As regards the functions of any board of directors or authority of this kind, there are two limiting factors. One is the size of the membership. If a body is too large, it is not a good policy-making body. I do not think I need enlarge on that. People have different ideas as regards ideal numbers. However, a figure any higher than 15 is getting dangerously high. I think anything over 10 is probably getting dangerously high. However, one must decide on a number.

As regards implicating professionals in this matter, if we are to appoint them as representatives, as my noble friend Lady Gardner of Parkes and others have already pointed out, there is no end to the number of people whom we could appoint as representatives. There are different aspects to the profession and people involved in these aspects all have a great role to play in this matter, not least the pharmacists. I live in a country area and I know of the role played by pharmacists in advising people who live in a country district with a dispersed population. In my area there is a most excellent group practice but it is spread over a widely dispersed population.

Secondly, there is also the matter of whether it is right—in my view it is not right in principle—to have any board or committee packed with too many experts. I am not saying for one moment that we should exclude from membership a doctor, a nurse or a pharmacist. It would be mad not to include people with that sort of background. However, I submit that they should not be representatives. Many years ago now I had some years' experience as a member of a board of governors of one of our large London teaching hospitals. It was an admirable body but its membership was so large and so diverse that from a management point of view the body was useless. It served other purposes but it was a poor directional body. The governing body's main committees were also large and had all sorts of representatives on it. There were also some small sub-committees.

I remember very well serving on a small sub-committee which was charged with looking at rough specifications for the new St.
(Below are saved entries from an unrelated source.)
Theorem mainTheorem5 (R : realType) (d : measure_display) (X : measurableType d)
  (P : probability X R) (m k : nat)
  (f f' : X -> 'cV[R]_m) (g g' : 'I_k -> 'cV[R]_m)
  (sigma_min sigma_max : R) :
  (m.+1 <= k)%N ->
  \sum_(y < k) g y = 0 -> \sum_(y < k) g' y = 0 ->
  (forall i : 'I_m, measurable_fun setT (fun x => f x i 0)) ->
  (forall i : 'I_m, measurable_fun setT (fun x => f' x i 0)) ->
  general_position P f g -> general_position P f' g' ->
  (* sigma_min is the smallest singular value among all tilde L_J of (f,g) *)
  (exists yt J, admissible (m:=m) yt J /\ singular_value (Ltilde g yt J) sigma_min) ->
  (forall yt J s, admissible (m:=m) yt J -> singular_value (Ltilde g yt J) s ->
     sigma_min <= s) ->
  (* sigma_max is the largest singular value among all tilde L_J of (f,g) *)
  (exists yt J, admissible (m:=m) yt J /\ singular_value (Ltilde g yt J) sigma_max) ->
  (forall yt J s, admissible (m:=m) yt J -> singular_value (Ltilde g yt J) s ->
     s <= sigma_max) ->
  let C := Num.sqrt (2 * m%:R / (k%:R - 1)) in
  ((C / sigma_max)%:E * d_logit P f f' g g' <= d_rep P f f' g g')%E /\
  (d_rep P f f' g g' <= (C / sigma_min)%:E * d_logit P f f' g g')%E.
Proof.
move=> lt_mk g0 g'0 mf mf' [L_unit _] _ [yt0 [J0 [adm0 sv_min]]] min_le _ le_max C.
have m_gt0 := singular_value_dim_gt0 sv_min.
have smin_gt0 := singular_value_unitmx_gt0 (L_unit _ _ adm0) sv_min.
have smax_gt0 := lt_le_trans smin_gt0 (le_max _ _ _ adm0 sv_min).
pose c : R := ((k * 'C(k.-1, m))%:R)^-1; pose K : R := pivot_count m k.
pose H x := rep_gap g g' (f x) (f' x).
pose V x := sqnorm (logits (f x) g - logits (f' x) g').
have mH : measurable_fun setT H := measurable_rep_gap g g' mf mf'.
have mV : measurable_fun setT V := measurable_logit_gap g g' mf mf'.
have H0 x : 0 <= H x := rep_gap_ge0 g g' (f x) (f' x).
have V0 x : 0 <= V x := sqnorm_ge0 _.
have sq_ratio s : (C / s) ^+ 2 = c * (K / s ^+ 2) := sqr_sqrt_ratio_div s m_gt0 lt_mk.
have c0 : 0 <= c by rewrite invr_ge0.
have C_div_ge0 s : 0 < s -> 0 <= C / s by move=> s_gt0; rewrite divr_ge0 ?sqrtr_ge0 ?ltW.
rewrite /d_rep /d_logit -!esqrtM_sqr ?C_div_ge0 //.
split; apply: le_esqrt; rewrite (d_rep2E P g g' mf mf');
  apply: ge0_le_integral_scale => // [|x]; rewrite ?sqr_ge0 // sq_ratio;
  rewrite -mulrA ler_wpM2l // mulrAC.
- rewrite ler_pdivrMr ?exprn_gt0 // [leRHS]mulrC.
  exact: (rep_gap_ubound m_gt0 g0 g'0 L_unit le_max).
- rewrite ler_pdivlMr ?exprn_gt0 // mulrC.
  exact: (rep_gap_lbound m_gt0 g0 g'0 L_unit (ltW smin_gt0) min_le).
Qed.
Mary's which we hoped might be built some time in the next few decades, if not sooner. That small committee of eight people included two doctors. They were distinguished members of our staff, but because they were so busy they were seldom able to attend meetings every month. One or other might attend, but rarely both. They were highly dedicated men—both now, sadly, long since dead—who had different views. We reached the ridiculous position where we listened to one doctor one month, and the next month the other doctor attended and proposed the exact opposite of what his colleague had proposed. When we finally produced a report for the main sub-committee of the board the doctors and nurses argued about it because they could not accept that those members of our committee had the power to represent the medical view or the nurses' view.

Therefore, we must have people with relevant experience, but above all we must be free to ask such people to give evidence and to talk to us. If one has official representatives of doctors and nurses others are shy of coming. However, they must be free to come and give evidence. Once one has an official representative one is going down a very dangerous path leading to long delay and uncertainty of decision.

5 p.m.

The Lord Bishop of Liverpool

I have not been in this Chamber for a while because I have been in the hands of the National Health Service. I am enormously and wonderfully grateful to it.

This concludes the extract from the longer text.